A hundred yards from the station he was approaching a minor street intersection when the traffic lights turned from green to red. Laughing aloud at himself for obeying this solitary signal in an empty city of ten thousand intersections, in which he was its only traffic policeman, Halloway nonetheless pulled to a halt and waited until the lights changed to green. An important principle was at stake. Later, as he sat in the cabin of Stillman’s tractor, bulldozing the piles of garbage and collapsed electric signs out of the streets, Halloway reflected that he was not working for himself alone. In the three supermarkets within the reclamation zone he drained the freezer compartments, swept the aisles and re-stacked the pyramids of canned goods, like a dedicated resort hotelier preparing for an invasion army of tourists. Three taxi-cabs, each in running order, stood outside the neighbourhood’s leading hotel.
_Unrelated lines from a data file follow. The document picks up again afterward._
(* Let $\mathcal{X} = \mathbb{N}$ and $\mathcal{Y} = \{0,1\} \times \{0,1\}^*$. For $d \in \mathbb{N}$ and binary strings $A, B \in \{0,1\}^d$, define $h_{A,B} \colon \mathcal{X} \to \mathcal{Y}$ by \[ h_{A,B}(x) = \begin{cases} (0, A) & \text{if } (A \oplus B)(x \bmod d) = 0, \\ (1, B) & \text{if } (A \oplus B)(x \bmod d) = 1, \end{cases} \] and let \[ \mathcal{H}_{\mathrm{OTP}} = \big\{ h_{A,B} : A, B \in \{0,1\}^*,\ |A| = |B|,\ A \oplus B \text{ is balanced} \big\}. \] Then $\mathcal{H}_{\mathrm{OTP}}$ is a learnable hypothesis class (in both the transductive and PAC models), but there is no local regularizer for $\mathcal{H}_{\mathrm{OTP}}$ that transductively learns $\mathcal{H}_{\mathrm{OTP}}$.
   Context: $\{0,1\}^*$ is the set of finite binary strings; $A \oplus B$ is the entrywise XOR of equal-length strings, and $(A\oplus B)(i)$ its $i$th entry, with positions of a length-$d$ string indexed by residues modulo $d$. A string is balanced if it has equally many $0$ entries and $1$ entries. Learning setting: a training set is a finite sequence $S=((x_i,y_i))_{i} \in (\mathcal{X}\times\mathcal{Y})^*$; a learner is a map $\mathcal{A}$ from training sets to functions $\mathcal{X}\to\mathcal{Y}$. The empirical risk of $f$ on $S=((x_i,y_i))_{i\in[n]}$ is $L_S(f)=\frac1n\sum_{i}[f(x_i)\neq y_i]$. For a class $\mathcal{H}\subseteq \mathcal{Y}^{\mathcal{X}}$, unlabeled points $S=(x_i)_{i\in[n]}\in\mathcal{X}^n$ and $h^*\in\mathcal{H}$, the transductive error of $\mathcal{A}$ is $L^{\mathrm{Trans}}_{S,h^*}(\mathcal{A}) = \frac1n\sum_{i\in[n]} [\mathcal{A}(S_{-i},h^* )(x_i)\neq h^*(x_i)]$, where $\mathcal{A}(S_{-i},h^* )$ is the output of $\mathcal{A}$ on the training set $((x_j,h^*(x_j)))_{j\neq i}$. $\mathcal{A}$ is a transductive learner for $\mathcal{H}$ (and $\mathcal{H}$ is transductively learnable) if there is $m:(0,1)\to\mathbb{N}$ such that for all $\epsilon\in(0,1)$, $h^*\in\mathcal{H}$ and $S\in\mathcal{X}^*$ with $|S|\ge m(\epsilon)$, $L^{\mathrm{Trans}}_{S,h^*}(\mathcal{A})\le\epsilon$. PAC learnability: there exist a learner $\mathcal{A}$ and $m:(0,1)^2\to\mathbb{N}$ such that for every distribution $\mathcal{D}$ on $\mathcal{X}\times\mathcal{Y}$ with some $h\in\mathcal{H}$ satisfying $\Pr_{(x,y)\sim\mathcal{D}}[h(x)\ne y]=0$, and all $\epsilon,\delta\in(0,1)$, a sample $S\sim\mathcal{D}^n$ with $n\ge m(\epsilon,\delta)$ satisfies $\Pr_{(x,y)\sim\mathcal{D}}[\mathcal{A}(S)(x)\neq y]\le\epsilon$ with probability at least $1-\delta$. A local regularizer for $\mathcal{H}$ is a function $\psi:\mathcal{H}\times\mathcal{X}\to\mathbb{R}_{\ge 0}$. A learner $\mathcal{A}$ is induced by $\psi$ if for every training set $S$ and every $x\in\mathcal{X}$, $\mathcal{A}(S)(x)\in\{h(x): h\in\arg\min_{h\in\mathcal{H},\,L_S(h)=0}\psi(h,x)\}$. $\psi$ transductively learns $\mathcal{H}$ if every learner induced by $\psi$ is a transductive learner for $\mathcal{H}$. *)

From Stdlib Require Import Reals List Arith Bool.
Import ListNotations.
Open Scope R_scope.

(** Domain X = nat, label space Y = {0,1} x {0,1}^*  (0 = false, 1 = true). *)
Definition X := nat.
Definition Y := (bool * list bool)%type.

Definition Y_eq_dec : forall y1 y2 : Y, {y1 = y2} + {y1 <> y2}.
Proof. decide equality; [apply (list_eq_dec bool_dec) | apply bool_dec]. Defined.

Fixpoint xorl (A B : list bool) : list bool :=
  match A, B with
  | a :: A', b :: B' => xorb a b :: xorl A' B'
  | _, _ => []
  end.

Definition balanced (s : list bool) : Prop :=
  count_occ bool_dec s false = count_occ bool_dec s true.

Definition h_AB (A B : list bool) (x : X) : Y :=
  if nth (x mod length A) (xorl A B) false then (true, B) else (false, A).

Definition H_OTP (h : X -> Y) : Prop :=
  exists A B : list bool,
    length A = length B /\ balanced (xorl A B) /\ h = h_AB A B.

Definition trainset := list (X * Y).
Definition learner := trainset -> X -> Y.

(** L_S(h) = 0, written out: h agrees with every labelled example of S. *)
Definition consistent (S : trainset) (h : X -> Y) : Prop :=
  forall z, In z S -> h (fst z) = snd z.

Fixpoint remove_nth {T} (i : nat) (l : list T) : list T :=
  match l, i with
  | [], _ => []
  | _ :: l', 0 => l'
  | a :: l', S i' => a :: remove_nth i' l'
  end.

Definition label (h : X -> Y) (S : list X) : trainset := map (fun x => (x, h x)) S.

Definition trans_mistakes (Alg : learner) (S : list X) (h : X -> Y) : nat :=
  fold_right
    (fun i acc =>
       (if Y_eq_dec (Alg (label h (remove_nth i S)) (nth i S 0%nat)) (h (nth i S 0%nat))
        then 0 else 1) + acc)%nat
    0%nat (seq 0 (length S)).

Definition trans_error (Alg : learner) (S : list X) (h : X -> Y) : R :=
  INR (trans_mistakes Alg S h) / INR (length S).

Definition trans_learner (H : (X -> Y) -> Prop) (Alg : learner) : Prop :=
  exists m : R -> nat,
    forall eps : R, 0 < eps < 1 ->
    forall h, H h ->
    forall S : list X, (m eps <= length S)%nat ->
      trans_error Alg S h <= eps.

Definition trans_learnable (H : (X -> Y) -> Prop) : Prop :=
  exists Alg, trans_learner H Alg.

(** Discrete probability on a countable type, via sums of nonnegative
    weights defined as suprema of finite sums. *)
Definition fsum {T} (f : T -> R) (l : list T) : R :=
  fold_right (fun x acc => f x + acc) 0 l.

Definition prob {T} (w : T -> R) (E : T -> Prop) (v : R) : Prop :=
  is_lub (fun r => exists l : list T, NoDup l /\ (forall z, In z l -> E z) /\ r = fsum w l) v.

Definition is_distr {T} (p : T -> R) : Prop :=
  (forall z, 0 <= p z) /\ prob p (fun _ => True) 1.

(** Weight of a sample S under D^n (restricted to |S| = n in the events). *)
Definition sample_weight (p : X * Y -> R) (S : trainset) : R :=
  fold_right (fun z acc => p z * acc) 1 S.

Definition realizable (H : (X -> Y) -> Prop) (p : X * Y -> R) : Prop :=
  exists h, H h /\ prob p (fun z => h (fst z) <> snd z) 0.

Definition PAC_learnable (H : (X -> Y) -> Prop) : Prop :=
  exists (Alg : learner) (m : R -> R -> nat),
    forall p : X * Y -> R, is_distr p -> realizable H p ->
    forall eps delta : R, 0 < eps < 1 -> 0 < delta < 1 ->
    forall n : nat, (m eps delta <= n)%nat ->
      exists v, 1 - delta <= v /\
        prob (sample_weight p)
             (fun S => length S = n /\
                exists e, prob p (fun z => Alg S (fst z) <> snd z) e /\ e <= eps) v.

Definition local_regularizer (H : (X -> Y) -> Prop) (psi : (X -> Y) -> X -> R) : Prop :=
  forall h x, H h -> 0 <= psi h x.

Definition in_argmin (H : (X -> Y) -> Prop) (psi : (X -> Y) -> X -> R)
  (S : trainset) (x : X) (h : X -> Y) : Prop :=
  H h /\ consistent S h /\
  forall h', H h' -> consistent S h' -> psi h x <= psi h' x.

(** Induced learner; the requirement is imposed whenever the argmin is
    nonempty. *)
Definition induced_by (H : (X -> Y) -> Prop) (psi : (X -> Y) -> X -> R) (Alg : learner) : Prop :=
  forall S x, (exists h, in_argmin H psi S x h) ->
    exists h, in_argmin H psi S x h /\ Alg S x = h x.

Definition psi_trans_learns (H : (X -> Y) -> Prop) (psi : (X -> Y) -> X -> R) : Prop :=
  forall Alg, induced_by H psi Alg -> trans_learner H Alg.

(** A label [(0, A)] reveals [A] and a label [(1, B)] reveals [B]: a sample showing both kinds of
    labels determines the target, and a sample showing a single kind predicts that kind correctly.
    Hence a leave-one-out mistake needs a held-out point whose kind occurs nowhere else in the
    sample, which happens at most twice; and a PAC error above [eps] needs the sample to miss a
    kind of mass above [eps], which has probability at most [(1 - eps)^n].

    A local regularizer only compares hypotheses at the test point. Let [A ⊕ B] consist of [k]
    pairs of positions, each holding one [0] and one [1], with [A] constant on pairs, and train
    on the positions where [A ⊕ B] is [c], leaving out the one in pair [j]. By balancedness
    exactly two hypotheses are consistent, and they disagree at the held-out point (for [c = 1]
    the rival also flips [A] on pair [j], so that [B] is unchanged). Toggling the bits [a_j] of
    [A] and [z_j] of [A ⊕ B] yields four targets, consecutive ones being such rivals, alternately
    for [c = 0] and [c = 1]; [psi] cannot strictly prefer the target all around this cycle, so
    the induced learner that breaks ties against the training labels errs at least once.
    Averaging over all [a] and [z] gives a target and a sample of size [k] with leave-one-out
    error at least [1/4]. *)

From Stdlib Require Import Reals List Lia Lra Bool ZArith.
From Stdlib Require Import Classical ClassicalEpsilon FunctionalExtensionality.
From mathcomp Require ssreflect ssrfun ssrbool eqtype ssrnat fintype finfun bigop zify.
Import ListNotations.
Open Scope R_scope.

Lemma length_xorl A B : length (xorl A B) = Nat.min (length A) (length B).
Proof. revert B; induction A; destruct B; simpl; auto. Qed.

Lemma xorl_comm A B : xorl A B = xorl B A.
Proof. revert B; induction A; destruct B; simpl; auto. rewrite xorb_comm, IHA; auto. Qed.

Lemma xorl_cancel_l A B : length A = length B -> xorl A (xorl A B) = B.
Proof.
  revert B; induction A as [|a A IH]; intros [|b B] H; simpl in *; try lia; auto.
  rewrite IH by lia. rewrite <- xorb_assoc, xorb_nilpotent, xorb_false_l; reflexivity.
Qed.

Lemma xorl_inj_l A B B' : length A = length B -> length A = length B' ->
  xorl A B = xorl A B' -> B = B'.
Proof.
  intros HB HB' E. rewrite <- (xorl_cancel_l A B HB), <- (xorl_cancel_l A B' HB'), E.
  reflexivity.
Qed.

Lemma remove_nth_map {T U} (f : T -> U) i l :
  remove_nth i (map f l) = map f (remove_nth i l).
Proof. revert i; induction l; intros [|i]; simpl; auto. rewrite IHl; auto. Qed.

Lemma nth_In_remove_nth {T} (l : list T) i j d :
  i <> j -> (j < length l)%nat -> In (nth j l d) (remove_nth i l).
Proof.
  revert i j; induction l as [|a l IH]; intros i j Hij Hj; simpl in *; [lia|].
  destruct i, j; simpl; try lia; auto.
  - apply nth_In; lia.
  - right; apply IH; lia.
Qed.

Lemma In_remove_nth_seq n i x :
  In x (remove_nth i (seq 0 n)) <-> (x < n)%nat /\ x <> i.
Proof.
  cut (forall s, In x (remove_nth i (seq s n)) <-> (s <= x < s + n)%nat /\ x <> (s + i)%nat).
  { intros H. rewrite H. lia. }
  revert i; induction n; intros i s; simpl.
  - destruct i; simpl; lia.
  - destruct i; simpl.
    + rewrite in_seq. lia.
    + rewrite IHn. lia.
Qed.

Lemma xorl_inj_r A A' B : length A = length B -> length A' = length B ->
  xorl A B = xorl A' B -> A = A'.
Proof.
  intros HA HA' E. apply (xorl_inj_l B); [lia|lia|]. rewrite !(xorl_comm B). exact E.
Qed.

Definition bits (n : nat) (f : nat -> bool) : list bool := map f (seq 0 n).

Lemma length_bits n f : length (bits n f) = n.
Proof. unfold bits; rewrite length_map, length_seq; reflexivity. Qed.

Lemma nth_bits n f i : (i < n)%nat -> nth i (bits n f) false = f i.
Proof.
  intros H; unfold bits.
  rewrite (nth_indep _ false (f 0%nat)) by (rewrite length_map, length_seq; lia).
  rewrite map_nth, seq_nth by lia; reflexivity.
Qed.

Lemma count_occ_bool_total (l : list bool) :
  (count_occ bool_dec l true + count_occ bool_dec l false)%nat = length l.
Proof. induction l as [|[] l IH]; simpl; lia. Qed.

Lemma xorl_bits n f g : xorl (bits n f) (bits n g) = bits n (fun i => xorb (f i) (g i)).
Proof. unfold bits; generalize (seq 0 n); induction l; simpl; congruence. Qed.

Lemma consistent_label h l : consistent (label h l) h.
Proof. intros z Hz. unfold label in Hz. apply in_map_iff in Hz as [x [<- _]]. reflexivity. Qed.

Definition loo_mistake (Alg : learner) (S : list X) (h : X -> Y) (i : nat) : nat :=
  if Y_eq_dec (Alg (label h (remove_nth i S)) (nth i S 0%nat)) (h (nth i S 0%nat)) then 0 else 1.

Lemma trans_mistakes_loo Alg S h :
  trans_mistakes Alg S h =
  fold_right (fun i acc => (loo_mistake Alg S h i + acc)%nat) 0%nat (seq 0 (length S)).
Proof. reflexivity. Qed.

(** * Transductive learnability *)

Lemma h_AB_eq A B x :
  h_AB A B x = (nth (x mod length A) (xorl A B) false,
                if nth (x mod length A) (xorl A B) false then B else A).
Proof. unfold h_AB; destruct (nth _ _ _); reflexivity. Qed.

Lemma h_AB_kind_eq A B x x' :
  fst (h_AB A B x) = fst (h_AB A B x') -> h_AB A B x = h_AB A B x'.
Proof. rewrite !h_AB_eq; simpl; intros ->; reflexivity. Qed.

Definition kind (z : X * Y) : bool := fst (snd z).

Definition dummy_example : X * Y := (0%nat, (false, [])).

Definition otp_learner : learner := fun S x =>
  match find (fun z => negb (kind z)) S, find kind S with
  | Some (_, (_, A)), Some (_, (_, B)) => h_AB A B x
  | _, _ => snd (hd dummy_example S)
  end.

Lemma otp_learner_correct A B S x :
  consistent S (h_AB A B) -> (exists z, In z S /\ kind z = fst (h_AB A B x)) ->
  otp_learner S x = h_AB A B x.
Proof.
  intros HS [z [Hz Ez]].
  assert (Hlabel : forall z', In z' S -> snd z' = (kind z', if kind z' then B else A)).
  { intros z' Hz'. unfold kind. rewrite <- (HS z' Hz'), h_AB_eq. reflexivity. }
  assert (Hhd : (forall z1 z2, In z1 S -> In z2 S -> kind z1 = kind z2) ->
                snd (hd dummy_example S) = h_AB A B x).
  { intros Hsame. assert (Hin : In (hd dummy_example S) S) by (destruct S; simpl in *; tauto).
    rewrite <- (HS _ Hin). apply h_AB_kind_eq. rewrite (HS _ Hin).
    fold (kind (hd dummy_example S)). rewrite (Hsame _ z Hin Hz). exact Ez. }
  unfold otp_learner.
  destruct (find (fun z => negb (kind z)) S) as [[x0 [c0 A0]]|] eqn:F0;
    destruct (find kind S) as [[x1 [c1 B1]]|] eqn:F1.
  - apply find_some in F0 as [H0 K0], F1 as [H1 K1].
    apply Hlabel in H0, H1. cbn in *. apply negb_true_iff in K0. subst c0 c1.
    injection H0 as ->. injection H1 as ->. reflexivity.
  - apply Hhd. intros z1 z2 H1 H2.
    rewrite (find_none _ _ F1 z1 H1), (find_none _ _ F1 z2 H2). reflexivity.
  - apply Hhd. intros z1 z2 H1 H2.
    pose proof (find_none _ _ F0 z1 H1) as K1. pose proof (find_none _ _ F0 z2 H2) as K2.
    cbv beta in K1, K2. apply negb_false_iff in K1, K2. congruence.
  - apply Hhd. intros z1 z2 H1 H2.
    rewrite (find_none _ _ F1 z1 H1), (find_none _ _ F1 z2 H2). reflexivity.
Qed.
One by one the streets were cleared of debris and abandoned cars, the sidewalks were free from garbage, the plate-glass shopfronts gleamed anew.

Amused but impressed by the transformation, Stillman at last decided to take part. At first, Halloway was reluctant to recruit this deviant figure. Every day Halloway heard him moving around the city, the violent explosions of breaking steel and glass as he dragged down another department-store portico and ran his tracks over the mannequins. In the evenings, as they sat together on the flood-lit terrace of the penthouse, Stillman would gaze resentfully across the roasting deer, as if annoyed that the dark dream of the city which had sustained him for so long should be brought to life in so naive a fashion by this idealistic youth. Then, one evening when Halloway was rhapsodizing about the harshness and vitality of his neat and immaculate streets, Stillman brusquely shut him up and announced that he would join the reclamation project. Clearly he had decided to inject some real life into this toy-town neighbourhood. He curtly turned down Halloway’s suggestion that he take over the renovation of a store selling kitchen equipment.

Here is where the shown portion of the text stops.